Elle était toujours allongée sur le sol moite de la Cathédrale. Toujours suffocante, toujours immobile.

Mais son lien de vie ne se brisait pas.

Le Pape baissa un regard empli d’incompréhension sur la jeune femme. Pourquoi la ligne ne cédait-elle pas ?

Dans un élan de colère, il lâcha prise et tendit la main afin de récupérer son arme. Une opportunité qu’Anna saisit. Par un effort de volonté surhumain, elle se libéra de son entrave invisible, repoussant le patriarche contre un arbre au tronc blanc.
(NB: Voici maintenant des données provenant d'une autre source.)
(* Let $(V,\|\cdot\|,V_+)$ be a normal ordered vector space and let $d=d_V$. Then $d$ is a proper gauge on $V$ (so $(V,d)$ is a gauged space), and the normed ordered vector space induced by $d$ is exactly $(V,\|\cdot\|,V_+)$; that is, $V_+=\{x\in V:\ d(-x)=0\}$ and $\|x\|=\max\{d(x),d(-x)\}$ for all $x\in V$.
   Context: A normed ordered vector space $(V,\|\cdot\|,V_+)$ is a real normed vector space $V$ together with a closed proper cone $V_+$ (i.e. $V_+$ is closed under addition and multiplication by nonnegative scalars, and $V_+\cap(-V_+)=\{0\}$); write $x\le y$ iff $y-x\in V_+$. It is called normal if $x\le y\le z$ implies $\|y\|\le\max\{\|x\|,\|z\|\}$. A gauge on a real vector space $V$ is a map $\nu:V\to[0,\infty)$ with $\nu(x+y)\le\nu(x)+\nu(y)$ and $\nu(tx)=t\nu(x)$ for all $x,y\in V$, $t>0$; its conjugate is $\overline{\nu}(x)=\nu(-x)$. A gauge is proper if for every $x\neq 0$, $\nu(x)\ne 0$ or $\overline{\nu}(x)\neq 0$; a gauged space is a pair $(V,\nu)$ with $\nu$ a proper gauge. The normed ordered vector space induced by a gauge $\nu$ is $(V,\|\cdot\|_\nu,V_{+,\nu})$ with $\|x\|_\nu=\max\{\nu(x),\overline{\nu}(x)\}$ and $V_{+,\nu}=\ker\overline{\nu}=\{x:\nu(-x)=0\}$. For a normed ordered vector space, $d_V(x)=\inf\{\|x+p\|:p\in V_+\}$ (the distance from $x$ to $-V_+$). *)

From Stdlib Require Import Reals ClassicalEpsilon.
Open Scope R_scope.

Record NormedSpace := {
  carrier :> Type;
  vzero : carrier;
  vadd : carrier -> carrier -> carrier;
  vopp : carrier -> carrier;
  vscal : R -> carrier -> carrier;
  vnorm : carrier -> R;
  vaddA : forall x y z, vadd x (vadd y z) = vadd (vadd x y) z;
  vaddC : forall x y, vadd x y = vadd y x;
  vadd0 : forall x, vadd x vzero = x;
  vaddN : forall x, vadd x (vopp x) = vzero;
  vscalA : forall a b x, vscal a (vscal b x) = vscal (a * b) x;
  vscal1 : forall x, vscal 1 x = x;
  vscalDr : forall a x y, vscal a (vadd x y) = vadd (vscal a x) (vscal a y);
  vscalDl : forall a b x, vscal (a + b) x = vadd (vscal a x) (vscal b x);
  vnorm_eq0 : forall x, vnorm x = 0 -> x = vzero;
  vnorm_scal : forall a x, vnorm (vscal a x) = Rabs a * vnorm x;
  vnorm_triangle : forall x y, vnorm (vadd x y) <= vnorm x + vnorm y
}.

Arguments vzero {n}.
Arguments vadd {n}.
Arguments vopp {n}.
Arguments vscal {n}.
Arguments vnorm {n}.

Definition norm_closed (V : NormedSpace) (S : V -> Prop) : Prop :=
  forall (u : nat -> V) (x : V), (forall n, S (u n)) ->
    Un_cv (fun n => vnorm (vadd (u n) (vopp x))) 0 -> S x.

Definition closed_proper_cone (V : NormedSpace) (Vp : V -> Prop) : Prop :=
  (exists x, Vp x) /\
  (forall x y, Vp x -> Vp y -> Vp (vadd x y)) /\
  (forall (t : R) x, 0 <= t -> Vp x -> Vp (vscal t x)) /\
  (forall x, Vp x -> Vp (vopp x) -> x = vzero) /\
  norm_closed V Vp.

Definition cone_le (V : NormedSpace) (Vp : V -> Prop) (x y : V) : Prop :=
  Vp (vadd y (vopp x)).

Definition normal_cone (V : NormedSpace) (Vp : V -> Prop) : Prop :=
  forall x y z, cone_le V Vp x y -> cone_le V Vp y z ->
    vnorm y <= Rmax (vnorm x) (vnorm z).

Definition is_gauge (V : NormedSpace) (nu : V -> R) : Prop :=
  (forall x, 0 <= nu x) /\
  (forall x y, nu (vadd x y) <= nu x + nu y) /\
  (forall (t : R) x, 0 < t -> nu (vscal t x) = t * nu x).

Definition conj_gauge (V : NormedSpace) (nu : V -> R) (x : V) : R := nu (vopp x).

Definition proper_gauge (V : NormedSpace) (nu : V -> R) : Prop :=
  is_gauge V nu /\
  forall x, x <> vzero -> nu x <> 0 \/ conj_gauge V nu x <> 0.

Definition gauge_norm (V : NormedSpace) (nu : V -> R) (x : V) : R :=
  Rmax (nu x) (conj_gauge V nu x).
Definition gauge_cone (V : NormedSpace) (nu : V -> R) (x : V) : Prop :=
  conj_gauge V nu x = 0.

(* infimum of a set of reals (greatest lower bound; 0 if none exists) *)
Definition is_glb (E : R -> Prop) (m : R) : Prop :=
  (forall r, E r -> m <= r) /\ (forall b, (forall r, E r -> b <= r) -> b <= m).

Definition Rinf (E : R -> Prop) : R :=
  epsilon (inhabits 0) (fun m => is_glb E m).

Definition dV (V : NormedSpace) (Vp : V -> Prop) (x : V) : R :=
  Rinf (fun r => exists p, Vp p /\ r = vnorm (vadd x p)).

(* Subadditivity and positive homogeneity of d are inherited from the norm
   because V_+ is a convex cone.  For the norm identity, pick p, q in V_+ with
   |x + p| and |-x + q| close to d(x) and d(-x); then x - q <= x <= x + p, so
   normality bounds |x| by max(d(x), d(-x)), the reverse bound coming from
   p = 0.  Properness follows from the norm identity, and d(-x) = 0 places x in
   the closure of V_+, which is V_+ itself. *)

From Stdlib Require Import Reals Lra Lia ClassicalEpsilon.
Open Scope R_scope.

Section VectorSpace.
Variable V : NormedSpace.

Lemma vadd0l (x : V) : vadd vzero x = x.
Proof. rewrite vaddC; apply vadd0. Qed.

Lemma vaddNl (x : V) : vadd (vopp x) x = vzero.
Proof. rewrite vaddC; apply vaddN. Qed.

Lemma vaddI (a b c : V) : vadd a b = vadd a c -> b = c.
Proof.
  intro H.
  rewrite <- (vadd0l b), <- (vadd0l c), <- (vaddNl a), <- !vaddA, H.
  reflexivity.
Qed.

Lemma vopp_unique (x y : V) : vadd x y = vzero -> y = vopp x.
Proof. intro H; apply (vaddI x); rewrite H, vaddN; reflexivity. Qed.

Lemma vscal0 (x : V) : vscal 0 x = vzero.
Proof.
  apply (vaddI (vscal 0 x)); rewrite vadd0, <- vscalDl.
  f_equal; ring.
Qed.

Lemma vscalN1 (x : V) : vscal (-1) x = vopp x.
Proof.
  apply vopp_unique.
  rewrite <- (vscal1 _ x) at 1; rewrite <- vscalDl.
  replace (1 + -1) with 0 by ring; apply vscal0.
Qed.

Lemma voppK (x : V) : vopp (vopp x) = x.
Proof. symmetry; apply vopp_unique, vaddNl. Qed.

Lemma voppD (x y : V) : vopp (vadd x y) = vadd (vopp x) (vopp y).
Proof.
  symmetry; apply vopp_unique.
  rewrite (vaddC _ (vopp x)), vaddA, <- (vaddA _ x y), vaddN, vadd0, vaddN.
  reflexivity.
Qed.

Lemma vnorm0 : vnorm (@vzero V) = 0.
Proof. rewrite <- (vscal0 vzero), vnorm_scal, Rabs_R0; ring. Qed.

Lemma vnorm_opp (x : V) : vnorm (vopp x) = vnorm x.
Proof.
  rewrite <- vscalN1, vnorm_scal, Rabs_left by lra; ring.
Qed.

Lemma vnorm_ge0 (x : V) : 0 <= vnorm x.
Proof.
  pose proof (vnorm_triangle _ x (vopp x)) as H.
  rewrite vaddN, vnorm0, vnorm_opp in H; lra.
Qed.

Lemma norm_closed_approx (A : V -> Prop) (x : V) : norm_closed V A ->
  (forall eps, 0 < eps -> exists p, A p /\ vnorm (vadd p (vopp x)) < eps) ->
  A x.
Proof.
  intros HA Happrox.
  assert (Hseq : forall n : nat,
    exists p, A p /\ vnorm (vadd p (vopp x)) < / INR (S n)).
  { intro n; apply Happrox, Rinv_0_lt_compat, lt_0_INR; lia. }
  destruct (choice _ Hseq) as [u Hu].
  apply (HA u x); [intro n; apply (Hu n)|].
  intros eps Heps.
  destruct (archimed_cor1 eps Heps) as [N [HN HN0]].
  exists N; intros n Hn.
  unfold R_dist; rewrite Rminus_0_r, Rabs_right by apply Rle_ge, vnorm_ge0.
  apply Rlt_trans with (/ INR (S n)); [apply Hu|].
  apply Rle_lt_trans with (/ INR N); [|exact HN].
  apply Rinv_le_contravar; [apply lt_0_INR; lia | apply le_INR; lia].
Qed.

End VectorSpace.

Lemma Rinf_glb (E : R -> Prop) :
  (exists r, E r) -> (exists b, forall r, E r -> b <= r) -> is_glb E (Rinf E).
Proof.
  intros [r Hr] [b Hb].
  unfold Rinf; apply epsilon_spec.
  destruct (completeness (fun y => E (- y))) as [m [Hub Hleast]].
  - exists (- b); intros y Hy; apply Hb in Hy; lra.
  - exists (- r); rewrite Ropp_involutive; exact Hr.
  - exists (- m); split.
    + intros s Hs.
      rewrite <- (Ropp_involutive s) in Hs; apply Hub in Hs; lra.
    + intros c Hc.
      enough (m <= - c) by lra.
      apply Hleast; intros y Hy; apply Hc in Hy; lra.
Qed.

Lemma glb_approx (E : R -> Prop) (m eps : R) :
  is_glb E m -> 0 < eps -> exists r, E r /\ r < m + eps.
Proof.
  intros [_ Hgreatest] Heps.
  apply not_all_not_ex; intro Hnone.
  enough (m + eps <= m) by lra.
  apply Hgreatest; intros r Hr.
  apply Rnot_lt_le; intro Hlt; apply (Hnone r); auto.
Qed.

Section ConeDistance.
Variable V : NormedSpace.
Variable Vp : V -> Prop.
Hypothesis Hcone : closed_proper_cone V Vp.

Let d := dV V Vp.

Lemma cone0 : Vp vzero.
Proof.
  destruct Hcone as [[x Hx] [_ [Hscal _]]].
  rewrite <- (vscal0 V x); apply Hscal; [lra | exact Hx].
Qed.

Lemma dV_glb (x : V) :
  is_glb (fun r => exists p, Vp p /\ r = vnorm (vadd x p)) (d x).
Proof.
  apply Rinf_glb.
  - exists (vnorm (vadd x vzero)), vzero; split; [apply cone0 | reflexivity].
  - exists 0; intros r [p [_ ->]]; apply vnorm_ge0.
Qed.

Lemma dV_le (x p : V) : Vp p -> d x <= vnorm (vadd x p).
Proof. intro Hp; apply (proj1 (dV_glb x)); eauto. Qed.

Lemma dV_le_norm (x : V) : d x <= vnorm x.
Proof. rewrite <- (vadd0 _ x) at 2; apply dV_le, cone0. Qed.

Lemma dV_ge0 (x : V) : 0 <= d x.
Proof. apply (proj2 (dV_glb x)); intros r [p [_ ->]]; apply vnorm_ge0. Qed.

Lemma dV_approx (x : V) (eps : R) : 0 < eps ->
  exists p, Vp p /\ vnorm (vadd x p) < d x + eps.
Proof.
  intro Heps.
  destruct (glb_approx _ _ _ (dV_glb x) Heps) as [r [[p [Hp ->]] Hr]].
  eauto.
Qed.

Lemma dV_add (x y : V) : d (vadd x y) <= d x + d y.
Proof.
  apply le_epsilon; intros eps Heps.
  destruct (dV_approx x (eps / 2)) as [p [Hp Hxp]]; [lra|].
  destruct (dV_approx y (eps / 2)) as [q [Hq Hyq]]; [lra|].
  destruct Hcone as [_ [Hadd _]].
  pose proof (dV_le (vadd x y) (vadd p q) (Hadd _ _ Hp Hq)) as H.
  replace (vadd (vadd x y) (vadd p q)) with (vadd (vadd x p) (vadd y q)) in H
    by (rewrite !vaddA; f_equal; rewrite <- !vaddA; f_equal; apply vaddC).
  pose proof (vnorm_triangle _ (vadd x p) (vadd y q)); lra.
Qed.

Lemma dV_scal_le (t : R) (x : V) : 0 < t -> d (vscal t x) <= t * d x.
Proof.
  intro Ht; apply le_epsilon; intros eps Heps.
  destruct (dV_approx x (eps / t)) as [p [Hp Hxp]];
    [apply Rdiv_lt_0_compat; lra|].
  destruct Hcone as [_ [_ [Hscal _]]].
  pose proof (dV_le (vscal t x) (vscal t p) (Hscal t p (Rlt_le _ _ Ht) Hp)) as H.
  rewrite <- vscalDr, vnorm_scal, Rabs_right in H by lra.
  apply Rmult_lt_compat_l with (r := t) in Hxp; [|exact Ht].
  replace (t * (d x + eps / t)) with (t * d x + eps) in Hxp by (field; lra).
  lra.
Qed.

Lemma dV_scal (t : R) (x : V) : 0 < t -> d (vscal t x) = t * d x.
Proof.
  intro Ht; apply Rle_antisym; [apply dV_scal_le; exact Ht|].
  pose proof (dV_scal_le (/ t) (vscal t x) (Rinv_0_lt_compat _ Ht)) as H.
  rewrite vscalA, Rinv_l, vscal1 in H by lra.
  apply Rmult_le_compat_l with (r := t) in H; [|lra].
  rewrite <- Rmult_assoc, Rinv_r, Rmult_1_l in H by lra; exact H.
Qed.

Lemma dV_gauge : is_gauge V d.
Proof. split; [exact dV_ge0 | split; [exact dV_add | exact dV_scal]]. Qed.

Lemma dV_opp_eq0 (x : V) : Vp x <-> d (vopp x) = 0.
Proof.
  split.
  - intro Hx; apply Rle_antisym; [|apply dV_ge0].
    pose proof (dV_le (vopp x) x Hx) as H.
    rewrite vaddNl, vnorm0 in H; exact H.
  - intro Hd.
    apply (norm_closed_approx V Vp x (proj2 (proj2 (proj2 (proj2 Hcone))))).
    intros eps Heps.
    destruct (dV_approx (vopp x) eps Heps) as [p [Hp H]].
    exists p; split; [exact Hp|].
    rewrite vaddC; lra.
Qed.

Hypothesis Hnormal : normal_cone V Vp.

Lemma vnorm_max_dV (x : V) : vnorm x = Rmax (d x) (d (vopp x)).
Proof.
  apply Rle_antisym.
  - apply le_epsilon; intros eps Heps.
    destruct (dV_approx x eps Heps) as [p [Hp Hxp]].
    destruct (dV_approx (vopp x) eps Heps) as [q [Hq Hxq]].
    assert (Hlow : cone_le V Vp (vadd x (vopp q)) x).
    { unfold cone_le; rewrite voppD, voppK, vaddA, vaddN, vadd0l; exact Hq. }
    assert (Hup : cone_le V Vp x (vadd x p)).
    { unfold cone_le; rewrite (vaddC _ x p), <- vaddA, vaddN, vadd0; exact Hp. }
    pose proof (Hnormal _ _ _ Hlow Hup) as H.
    rewrite <- (vnorm_opp _ (vadd x (vopp q))), voppD, voppK in H.
    apply (Rle_trans _ _ _ H), Rmax_lub.
    + pose proof (Rmax_r (d x) (d (vopp x))); lra.
    + pose proof (Rmax_l (d x) (d (vopp x))); lra.
  - apply Rmax_lub; [apply dV_le_norm|].
    rewrite <- (vnorm_opp _ x); apply dV_le_norm.
Qed.

Lemma dV_proper (x : V) : x <> vzero -> d x <> 0 \/ d (vopp x) <> 0.
Proof.
  intro Hx.
  destruct (Req_dec (d x) 0) as [H1|H1]; [|left; exact H1].
  destruct (Req_dec (d (vopp x)) 0) as [H2|H2]; [|right; exact H2].
  exfalso; apply Hx, vnorm_eq0.
  rewrite vnorm_max_dV, H1, H2; apply Rmax_left; lra.
Qed.

End ConeDistance.

Theorem proposition2p7 (V : NormedSpace) (Vp : V -> Prop)
  (Hcone : closed_proper_cone V Vp) (Hnormal : normal_cone V Vp) :
  proper_gauge V (dV V Vp) /\
  (forall x, Vp x <-> gauge_cone V (dV V Vp) x) /\
  (forall x, vnorm x = gauge_norm V (dV V Vp) x).
Proof.
  split; [split|split].
  - exact (dV_gauge V Vp Hcone).
  - exact (dV_proper V Vp Hcone Hnormal).
  - exact (dV_opp_eq0 V Vp Hcone).
  - exact (vnorm_max_dV V Vp Hcone Hnormal).
Qed.
(* There are $2^{\mathfrak{c}}$ ideals on $\omega$ that are both meager and null and that are mutually incompatible both in $(\mathfrak{M},\supseteq)$ and in $(\mathfrak{N},\supseteq)$. In particular, neither $(\mathfrak{M},\supseteq)$ nor $(\mathfrak{N},\supseteq)$ has the BT-property.
   Context: All ideals on $\omega$ considered are proper and contain all finite subsets of $\omega$; they are viewed as subsets of the Cantor space $2^\omega=\mathcal{P}(\omega)$. $\mathfrak{M}$ (resp. $\mathfrak{N}$) is the set of ideals that are meager (resp. Lebesgue null) subsets of $2^\omega$, ordered by reverse inclusion; two ideals are compatible in such an ordering if some ideal of the class contains both. An ordering $P$ has the BT-property if it contains a dense subset $D$ that is atomless (every element of $D$ has two incompatible elements of $D$ below it), $\sigma$-closed (every countable decreasing sequence in $D$ has a lower bound in $D$) and satisfies $|D|\leq\mathfrak{c}$. *)

From HB Require Import structures.
From mathcomp Require Import all_boot all_order all_algebra.
From mathcomp Require Import all_classical all_reals topology cantor.
Set Implicit Arguments. Unset Strict Implicit. Unset Printing Implicit Defensive.
Import Order.TTheory GRing.Theory Num.Theory.
Local Open Scope classical_set_scope.
Local Open Scope ring_scope.
Local Open Scope card_scope.

(* The Cantor space 2^omega = P(omega): a subset X of omega corresponds to its
   characteristic function. *)
Definition set_of_pt (x : cantor_space) : set nat := [set n | x n = true].

Definition as_cantor (I : set (set nat)) : set cantor_space :=
  [set x | I (set_of_pt x)].

Definition is_ideal (I : set (set nat)) : Prop :=
  [/\ ~ I setT,
      (forall A : set nat, finite_set A -> I A),
      (forall A B : set nat, A `<=` B -> I B -> I A) &
      (forall A B : set nat, I A -> I B -> I (A `|` B))].

Definition nowhere_dense (T : topologicalType) (A : set T) : Prop :=
  (closure A)° = set0.

Definition meager (T : topologicalType) (A : set T) : Prop :=
  exists N : nat -> set T, (forall n, nowhere_dense (N n)) /\
                           A `<=` \bigcup_n N n.

Definition cylinder (s : seq bool) : set cantor_space :=
  [set x | forall i : nat, (i < size s)%N -> x i = nth false s i].

(* Lebesgue (fair-coin product measure) null subsets of 2^omega: for every
   eps = 1/(k+1) > 0, A is covered by countably many cylinders of total
   measure (sum of 2^-|s_n|) at most eps. *)
Definition null_set (A : set cantor_space) : Prop :=
  forall k : nat, exists s : nat -> seq bool,
    A `<=` \bigcup_n cylinder (s n) /\
    forall N : nat, \sum_(n < N) ((2%:R : rat) ^- size (s n)) <= (k.+1%:R)^-1.

Definition meager_ideals : set (set (set nat)) :=
  [set I | is_ideal I /\ meager (as_cantor I)].
Definition null_ideals : set (set (set nat)) :=
  [set I | is_ideal I /\ null_set (as_cantor I)].

Definition compatible_in (C : set (set (set nat))) (I J : set (set nat)) : Prop :=
  exists K, C K /\ I `<=` K /\ J `<=` K.

(* BT-property of the ordering (C, reverse inclusion): p <= q iff q `<=` p. *)
Definition BT_property (C : set (set (set nat))) : Prop :=
  exists D : set (set (set nat)),
    [/\ D `<=` C,
        (forall p, C p -> exists2 d, D d & p `<=` d),
        (* atomless *)
        (forall d, D d -> exists d1 d2, [/\ D d1, D d2, d `<=` d1, d `<=` d2 &
                                          ~ compatible_in C d1 d2]),
        (* sigma-closed *)
        (forall s : nat -> set (set nat), (forall n, D (s n)) ->
           (forall n, s n `<=` s n.+1) ->
           exists2 d, D d & forall n, s n `<=` d) &
        D #<= [set: set nat]].

From HB Require Import structures.
From mathcomp Require Import all_boot all_order all_algebra.
From mathcomp Require Import all_classical all_reals topology cantor.
From mathcomp Require Import zify ring.
Set Implicit Arguments. Unset Strict Implicit. Unset Printing Implicit Defensive.
Import Order.TTheory GRing.Theory Num.Theory.
Local Open Scope classical_set_scope.

(* Partition omega into the dyadic blocks [2^q, 2^(q+1)), i.e. the level sets of
   [trunc_log 2].  Every X ⊆ omega selects a set of blocks, the coding being such that
   for finitely many distinct X_1, ..., X_m and any prescribed truth values, all the
   blocks q of some arithmetic progression satisfy "X_i selects q iff the value for
   X_i is true" simultaneously.  For T ⊆ P(omega), let I_T be the ideal generated by
   the finite sets and, for every X, by the union of the blocks that X does not
   select if X ∈ T, and of those it selects otherwise.  Each member of I_T misses
   every block of an arithmetic progression; hence I_T is proper, lies in a
   countable union of nowhere dense sets, and is null since the q-th block carries
   measure 2^(-2^q).  If X ∈ T but X ∉ T', the two generators attached to X cover
   omega, so I_T and I_T' are incompatible in any class of ideals.  This gives 2^c
   pairwise incompatible ideals, while a dense set of size at most c would have to
   contain pairwise distinct extensions of all of them, contradicting Cantor's
   theorem. *)

Definition ideal_gen (I : eqType) (g : I -> set nat) : set (set nat) :=
  [set A | exists (s : seq I) (N : nat),
     forall p, (N <= p)%N -> A p -> exists2 i, i \in s & g i p].

Section IdealGen.
Variables (I : eqType) (g : I -> set nat).

Lemma ideal_gen_generator i : ideal_gen g (g i).
Proof. by exists [:: i], 0 => p _ gip; exists i; rewrite ?mem_head. Qed.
Les rôles venaient de s’inverser : par la seule force de sa volonté, elle maintenait la désormais misérable silhouette du pape contre le pilier de sa sentence. Il lui sembla un instant entendre la voix de Gin, de Vidàl, d’Estelle et de Florial. Leur sacrifice avait été le battement d’aile de papillon à l’origine de l’ouragan qui se déchaînait maintenant.

Elle se sentait baver. La sphère, jadis blottie dans le creux de son ventre s’agitait dans tous ses membres comme un torrent furieux. Ensemble, elles exultaient.

Dans sa main gauche, Anna sentit le contact du bois noir de l’arc de son père. Une flèche aussi sombre que l’arme apparut au creux de sa main droite.

Mets tes pieds parallèles. Saisis ton arc. Encoche ta flèche juste au-dessus du petit nœud dans la corde. Aligne ta cible et la pointe de la flèche avec ton œil. Expire à fond, et quand tu te sens prête, décoche.

Le timbre de Gin, maternel, apaisant, résonna dans la Cathédrale à la manière d’une douce berceuse. Anna sourit. Le trait partit.

D’une voix mauvaise, elle susurra :

Pas de mort glorieuse pour le Pape, pas de fil d’argent brisé, par de magie, pas de chanson. Juste une flèche plantée dans le cœur d’un homme.

Elle tituba, recula de quelques pas et observa son œuvre un moment : un mince filet de sang coulait aux commissures des lèvres du pontife.

Une violente quinte de toux secoua la jeune femme et lui arracha un crachat sanguinolent.

Anna avait vaincu, elle l’avait toujours su. Puisqu’elle était invincible.